= Gerhard Weissenbacher =

Austrian painter and art historian

Gerhard Weissenbacher (born 1941 in Vienna) is an Austrian painter and art educator and the author of a two-volume Standardwerk on the architectural history of the Vienna district of Hietzing.

== Life ==
After graduating from the Bundesrealgymnasium Wien XV in 1961, Weissenbacher studied from 1961 until 1966 at the Academy of Fine Arts Vienna under the professors Josef Dobrowsky, Herbert Boeckl and Max Weiler; at the same time he studied art history and history at the University of Vienna. In 1966, he passed the teacher's examination for art education and history and obtained his diploma as an academic painter. From 1966 to 2001, Weissenbacher worked as an AHS teacher and spent an extended period in West Africa (Liberia). He also lived in Paris between 1978 and 1979. In 1982, Weissenbacher began his many years of research on the architectural development of Vienna's 13th district, which resulted in the publication of the two volumes In Hietzing gebaut.

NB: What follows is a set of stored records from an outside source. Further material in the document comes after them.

Lemma abel_sum_le w h m :
  (forall k, (k <= m)%N -> 0 <= \sum_(t < k) w t) ->
  (forall k, (k.+1 < m)%N -> h k <= h k.+1) ->
  \sum_(t < m) w t * h t <= (\sum_(t < m) w t) * h m.-1.
Proof.
elim: m => [|m IH] w_ge0 h_incr; first by rewrite !big_ord0 mul0r.
rewrite !big_ord_recr /= mulrDl lerD2r.
apply: le_trans (IH _ _) _ => [k hk|k hk|]; [exact/w_ge0/leqW | exact/h_incr/leqW |].
case: m {IH} w_ge0 h_incr => [|m] w_ge0 h_incr; first by rewrite big_ord0 !mul0r.
by apply: ler_wpM2l; [exact: w_ge0 | exact: h_incr].
Qed.

Lemma ler_sum_mul_stochastic w1 w2 h m :
  (forall k, (k <= m)%N -> \sum_(t < k) w2 t <= \sum_(t < k) w1 t) ->
  \sum_(t < m) w1 t = \sum_(t < m) w2 t ->
  (forall k, (k.+1 < m)%N -> h k <= h k.+1) ->
  \sum_(t < m) w1 t * h t <= \sum_(t < m) w2 t * h t.
Proof.
move=> cdf_le sum_eq h_incr; rewrite -subr_le0 -sumrB.
under eq_bigr do rewrite -mulrBl.
apply: le_trans (abel_sum_le (w := fun t => w1 t - w2 t) _ h_incr) _.
  by move=> k hk; rewrite sumrB subr_ge0 cdf_le.
by rewrite sumrB sum_eq subrr mul0r.
Qed.

End AbelSummation.

Lemma mul_sub1_ratio (R : numFieldType) (x y : R) : x <= y <= 1 ->
  (1 - x) * ((y - x) / (1 - x)) = y - x.
Proof.
case/andP=> xy y1; have [x1|x1] := eqVneq x 1.
  have y1' : y = 1 by apply: le_anti; rewrite y1 -x1 xy.
  by rewrite x1 y1' subrr mul0r.
by rewrite mulrC divfK // subr_eq0 eq_sym.
Qed.

Lemma head_rev (T : Type) (x : T) s : head x (rev s) = last x s.
Proof. by case/lastP: s => //= s y; rewrite rev_rcons last_rcons. Qed.

Section Doors.
Variables (R : realType) (d : nat) (pi : nat -> 'I_d).
Implicit Types (phi : 'I_d -> seq {set 'I_d} -> R) (tau : 'I_d -> nat)
  (i k : 'I_d) (m n : nat).

(* A run of knocks is encoded by opening times: door k opens at knock number
   [tau k] (counting from 0), so [opened tau m] is the set of open doors after
   m knocks, and [tau k >= n] means that door k is still closed after n knocks.
   [door_weight phi n tau i] is the conditional probability, within the first
   n knocks, that door i opens at time [tau i] given the opening times of the
   lower doors. *)
Definition opened tau m : {set 'I_d} := [set k | (tau k < m)%N].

Geschichte und Architektur eines Wiener Gemeindebezirkes.

In 2002, he received the 1952 Decoration of Honour for Services to the Republic of Austria.

Artistic works by Weissenbacher are in the possession of the Albertina, the Federal Ministry of Education, Science and Culture, the Lower Austrian Government, the State Gallery of the Principality of Liechtenstein and private collections.